AIM OF THE TASK: Only the lines of the data below from the one with "by rewrite (negbTE (sumS _ _ Sy Sy'))." through the one with "F, y \in P /\" are wanted. Repeat them exactly.

SOURCE RECORDS:

○ ○ ○

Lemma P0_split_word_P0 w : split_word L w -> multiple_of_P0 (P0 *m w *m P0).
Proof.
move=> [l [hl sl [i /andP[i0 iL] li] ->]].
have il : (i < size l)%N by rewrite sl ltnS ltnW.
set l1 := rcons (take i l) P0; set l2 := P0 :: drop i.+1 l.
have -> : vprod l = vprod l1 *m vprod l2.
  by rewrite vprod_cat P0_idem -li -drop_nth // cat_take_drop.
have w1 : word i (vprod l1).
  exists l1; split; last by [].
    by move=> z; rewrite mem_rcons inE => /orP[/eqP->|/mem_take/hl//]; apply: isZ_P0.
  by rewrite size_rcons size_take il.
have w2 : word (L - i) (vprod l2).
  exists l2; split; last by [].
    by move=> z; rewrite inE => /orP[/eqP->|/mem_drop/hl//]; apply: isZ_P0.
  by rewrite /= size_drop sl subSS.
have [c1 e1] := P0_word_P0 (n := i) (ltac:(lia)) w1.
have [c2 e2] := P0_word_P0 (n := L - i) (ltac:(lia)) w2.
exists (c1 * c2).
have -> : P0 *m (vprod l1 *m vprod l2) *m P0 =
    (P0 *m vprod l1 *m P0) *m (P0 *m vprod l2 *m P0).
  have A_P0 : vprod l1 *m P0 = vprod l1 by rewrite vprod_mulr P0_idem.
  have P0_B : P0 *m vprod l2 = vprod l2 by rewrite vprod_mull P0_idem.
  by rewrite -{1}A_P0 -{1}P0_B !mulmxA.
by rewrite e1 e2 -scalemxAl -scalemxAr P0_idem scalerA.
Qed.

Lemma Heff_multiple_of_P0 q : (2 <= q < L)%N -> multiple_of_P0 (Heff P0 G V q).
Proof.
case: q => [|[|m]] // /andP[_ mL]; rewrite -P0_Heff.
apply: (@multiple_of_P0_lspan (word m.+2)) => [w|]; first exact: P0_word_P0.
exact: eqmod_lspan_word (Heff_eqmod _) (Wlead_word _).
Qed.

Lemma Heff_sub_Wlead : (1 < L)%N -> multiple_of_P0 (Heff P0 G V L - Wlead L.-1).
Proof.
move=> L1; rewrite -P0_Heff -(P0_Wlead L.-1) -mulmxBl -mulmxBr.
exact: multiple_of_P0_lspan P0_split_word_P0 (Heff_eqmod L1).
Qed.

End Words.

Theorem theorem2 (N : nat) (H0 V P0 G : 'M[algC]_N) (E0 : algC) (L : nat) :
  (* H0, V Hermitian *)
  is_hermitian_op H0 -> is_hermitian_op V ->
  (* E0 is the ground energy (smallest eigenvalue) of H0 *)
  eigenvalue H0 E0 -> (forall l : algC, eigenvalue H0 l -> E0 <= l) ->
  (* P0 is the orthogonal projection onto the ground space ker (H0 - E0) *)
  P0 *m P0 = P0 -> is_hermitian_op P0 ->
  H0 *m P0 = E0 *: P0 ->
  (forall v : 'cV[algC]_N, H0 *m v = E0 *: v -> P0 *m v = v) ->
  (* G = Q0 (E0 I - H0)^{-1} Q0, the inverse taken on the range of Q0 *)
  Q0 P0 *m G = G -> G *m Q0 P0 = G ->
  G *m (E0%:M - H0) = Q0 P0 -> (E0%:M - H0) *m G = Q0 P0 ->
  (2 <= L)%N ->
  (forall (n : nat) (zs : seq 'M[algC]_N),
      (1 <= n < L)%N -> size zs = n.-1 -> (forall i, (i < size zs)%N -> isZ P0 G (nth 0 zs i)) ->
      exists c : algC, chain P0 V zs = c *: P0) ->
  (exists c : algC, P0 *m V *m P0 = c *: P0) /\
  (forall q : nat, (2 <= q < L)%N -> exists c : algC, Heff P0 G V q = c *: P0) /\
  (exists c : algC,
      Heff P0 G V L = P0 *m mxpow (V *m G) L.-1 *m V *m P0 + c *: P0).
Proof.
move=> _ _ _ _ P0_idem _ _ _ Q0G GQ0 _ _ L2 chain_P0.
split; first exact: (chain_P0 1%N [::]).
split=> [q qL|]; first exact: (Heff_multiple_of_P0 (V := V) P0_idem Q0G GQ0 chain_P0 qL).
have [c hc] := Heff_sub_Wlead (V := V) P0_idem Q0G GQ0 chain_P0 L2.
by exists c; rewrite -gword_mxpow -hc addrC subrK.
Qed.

○ ○ ○

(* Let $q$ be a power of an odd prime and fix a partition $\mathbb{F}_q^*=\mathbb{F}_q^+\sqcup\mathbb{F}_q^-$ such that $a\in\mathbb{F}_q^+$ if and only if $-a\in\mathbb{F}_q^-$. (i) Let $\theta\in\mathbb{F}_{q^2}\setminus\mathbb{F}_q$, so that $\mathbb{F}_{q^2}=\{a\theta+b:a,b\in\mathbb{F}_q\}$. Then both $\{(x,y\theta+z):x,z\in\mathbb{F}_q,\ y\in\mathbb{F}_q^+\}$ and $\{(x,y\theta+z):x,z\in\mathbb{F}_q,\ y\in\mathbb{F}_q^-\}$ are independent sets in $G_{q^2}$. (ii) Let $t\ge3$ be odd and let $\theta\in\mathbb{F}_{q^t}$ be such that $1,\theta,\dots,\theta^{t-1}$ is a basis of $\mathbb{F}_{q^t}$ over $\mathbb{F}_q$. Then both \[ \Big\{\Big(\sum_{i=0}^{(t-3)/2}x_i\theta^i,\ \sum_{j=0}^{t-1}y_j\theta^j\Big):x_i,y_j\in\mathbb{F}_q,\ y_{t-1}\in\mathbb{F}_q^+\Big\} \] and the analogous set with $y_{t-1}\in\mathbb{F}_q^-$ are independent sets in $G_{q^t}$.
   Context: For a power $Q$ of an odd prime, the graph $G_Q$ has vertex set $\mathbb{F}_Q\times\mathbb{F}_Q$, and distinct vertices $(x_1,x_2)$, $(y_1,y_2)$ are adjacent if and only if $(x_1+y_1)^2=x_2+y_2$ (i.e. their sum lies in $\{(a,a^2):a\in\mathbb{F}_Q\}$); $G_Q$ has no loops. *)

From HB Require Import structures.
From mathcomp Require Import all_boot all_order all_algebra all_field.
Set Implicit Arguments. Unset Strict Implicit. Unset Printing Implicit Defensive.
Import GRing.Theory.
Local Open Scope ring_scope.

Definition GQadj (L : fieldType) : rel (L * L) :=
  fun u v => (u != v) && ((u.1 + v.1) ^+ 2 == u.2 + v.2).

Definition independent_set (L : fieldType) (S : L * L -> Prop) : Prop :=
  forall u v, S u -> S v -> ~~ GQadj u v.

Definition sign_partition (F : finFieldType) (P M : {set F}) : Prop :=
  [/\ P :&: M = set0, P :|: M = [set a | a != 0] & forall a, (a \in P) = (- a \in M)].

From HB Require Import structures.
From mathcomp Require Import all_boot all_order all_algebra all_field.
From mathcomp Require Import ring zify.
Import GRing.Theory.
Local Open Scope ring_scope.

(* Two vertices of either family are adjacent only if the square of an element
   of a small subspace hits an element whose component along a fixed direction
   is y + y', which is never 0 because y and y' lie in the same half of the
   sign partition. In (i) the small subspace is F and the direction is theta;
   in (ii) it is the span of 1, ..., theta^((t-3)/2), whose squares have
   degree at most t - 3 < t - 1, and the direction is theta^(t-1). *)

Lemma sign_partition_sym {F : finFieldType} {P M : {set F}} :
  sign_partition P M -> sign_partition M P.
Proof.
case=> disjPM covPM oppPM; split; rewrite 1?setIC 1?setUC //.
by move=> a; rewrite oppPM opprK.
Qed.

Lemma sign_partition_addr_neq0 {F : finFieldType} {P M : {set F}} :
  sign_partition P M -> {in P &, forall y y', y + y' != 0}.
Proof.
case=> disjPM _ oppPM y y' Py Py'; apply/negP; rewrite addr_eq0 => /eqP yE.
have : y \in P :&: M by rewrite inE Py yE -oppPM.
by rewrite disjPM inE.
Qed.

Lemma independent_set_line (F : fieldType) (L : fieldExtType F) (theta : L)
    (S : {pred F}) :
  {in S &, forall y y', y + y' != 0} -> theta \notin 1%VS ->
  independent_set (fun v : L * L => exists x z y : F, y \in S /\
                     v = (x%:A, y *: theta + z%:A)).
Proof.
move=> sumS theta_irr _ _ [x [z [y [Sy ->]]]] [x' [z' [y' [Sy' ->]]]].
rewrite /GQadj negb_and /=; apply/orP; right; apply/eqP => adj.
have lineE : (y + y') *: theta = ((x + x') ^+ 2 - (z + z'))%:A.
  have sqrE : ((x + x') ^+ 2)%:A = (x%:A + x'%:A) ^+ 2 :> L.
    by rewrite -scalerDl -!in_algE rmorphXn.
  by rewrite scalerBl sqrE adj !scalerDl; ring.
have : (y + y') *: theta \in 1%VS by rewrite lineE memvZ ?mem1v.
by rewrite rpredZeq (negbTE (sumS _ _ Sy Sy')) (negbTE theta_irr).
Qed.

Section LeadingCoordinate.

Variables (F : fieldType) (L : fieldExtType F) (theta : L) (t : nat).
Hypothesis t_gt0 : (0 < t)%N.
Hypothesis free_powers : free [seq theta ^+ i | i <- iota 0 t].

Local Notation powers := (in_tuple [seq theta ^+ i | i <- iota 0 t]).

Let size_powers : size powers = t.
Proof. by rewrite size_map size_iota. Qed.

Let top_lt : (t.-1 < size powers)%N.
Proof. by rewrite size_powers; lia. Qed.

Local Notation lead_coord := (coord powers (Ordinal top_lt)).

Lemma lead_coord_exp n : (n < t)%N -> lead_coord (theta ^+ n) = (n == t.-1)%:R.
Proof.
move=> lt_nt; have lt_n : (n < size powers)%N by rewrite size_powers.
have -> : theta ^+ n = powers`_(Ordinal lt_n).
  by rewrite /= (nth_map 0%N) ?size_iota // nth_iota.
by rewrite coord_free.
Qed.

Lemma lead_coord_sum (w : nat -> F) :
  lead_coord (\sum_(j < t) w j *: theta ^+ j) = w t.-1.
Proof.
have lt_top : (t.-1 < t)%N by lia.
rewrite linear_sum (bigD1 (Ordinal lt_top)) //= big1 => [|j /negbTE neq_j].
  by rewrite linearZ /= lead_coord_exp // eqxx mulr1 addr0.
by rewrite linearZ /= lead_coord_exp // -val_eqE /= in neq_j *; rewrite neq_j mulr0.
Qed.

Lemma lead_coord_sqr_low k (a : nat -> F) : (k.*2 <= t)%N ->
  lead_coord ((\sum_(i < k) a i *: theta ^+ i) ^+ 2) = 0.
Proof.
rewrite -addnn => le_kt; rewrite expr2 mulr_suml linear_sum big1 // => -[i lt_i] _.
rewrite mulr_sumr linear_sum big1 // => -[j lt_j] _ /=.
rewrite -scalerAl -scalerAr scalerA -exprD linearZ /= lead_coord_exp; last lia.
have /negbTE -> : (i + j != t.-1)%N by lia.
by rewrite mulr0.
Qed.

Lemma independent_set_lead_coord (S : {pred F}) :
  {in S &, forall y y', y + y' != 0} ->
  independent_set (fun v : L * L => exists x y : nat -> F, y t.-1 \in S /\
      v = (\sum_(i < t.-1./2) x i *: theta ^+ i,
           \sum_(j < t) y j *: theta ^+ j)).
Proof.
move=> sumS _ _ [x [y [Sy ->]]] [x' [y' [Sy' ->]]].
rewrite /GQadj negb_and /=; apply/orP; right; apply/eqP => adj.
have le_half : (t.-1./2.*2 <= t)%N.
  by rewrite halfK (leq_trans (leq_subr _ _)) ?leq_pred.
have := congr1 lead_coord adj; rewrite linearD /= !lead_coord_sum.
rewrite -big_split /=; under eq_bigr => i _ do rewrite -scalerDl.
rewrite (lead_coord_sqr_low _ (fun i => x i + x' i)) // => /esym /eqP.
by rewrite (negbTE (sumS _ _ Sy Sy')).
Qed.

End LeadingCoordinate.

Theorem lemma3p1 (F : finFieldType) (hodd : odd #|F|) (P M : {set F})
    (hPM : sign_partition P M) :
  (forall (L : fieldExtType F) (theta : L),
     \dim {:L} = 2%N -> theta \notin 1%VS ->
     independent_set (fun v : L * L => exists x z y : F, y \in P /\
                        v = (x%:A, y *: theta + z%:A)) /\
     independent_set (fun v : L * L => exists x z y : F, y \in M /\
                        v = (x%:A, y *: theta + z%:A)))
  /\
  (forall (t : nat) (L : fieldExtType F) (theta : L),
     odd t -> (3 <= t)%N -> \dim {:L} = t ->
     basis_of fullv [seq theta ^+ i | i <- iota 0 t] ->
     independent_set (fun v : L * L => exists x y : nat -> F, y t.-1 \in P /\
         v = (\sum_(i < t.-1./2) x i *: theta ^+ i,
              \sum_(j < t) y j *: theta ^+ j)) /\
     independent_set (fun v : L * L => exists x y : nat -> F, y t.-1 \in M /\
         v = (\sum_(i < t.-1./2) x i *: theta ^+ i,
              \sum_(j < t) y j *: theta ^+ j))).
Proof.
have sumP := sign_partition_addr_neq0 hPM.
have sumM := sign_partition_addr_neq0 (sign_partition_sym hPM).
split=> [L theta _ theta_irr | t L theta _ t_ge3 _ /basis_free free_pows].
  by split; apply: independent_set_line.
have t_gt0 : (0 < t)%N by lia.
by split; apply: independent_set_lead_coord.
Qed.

○ ○ ○

RESPONSE BELOW:
by rewrite (negbTE (sumS _ _ Sy Sy')).
Qed.

End LeadingCoordinate.

Theorem lemma3p1 (F : finFieldType) (hodd : odd #|F|) (P M : {set F})
    (hPM : sign_partition P M) :
  (forall (L : fieldExtType F) (theta : L),
     \dim {:L} = 2%N -> theta \notin 1%VS ->
     independent_set (fun v : L * L => exists x z y : F, y \in P /\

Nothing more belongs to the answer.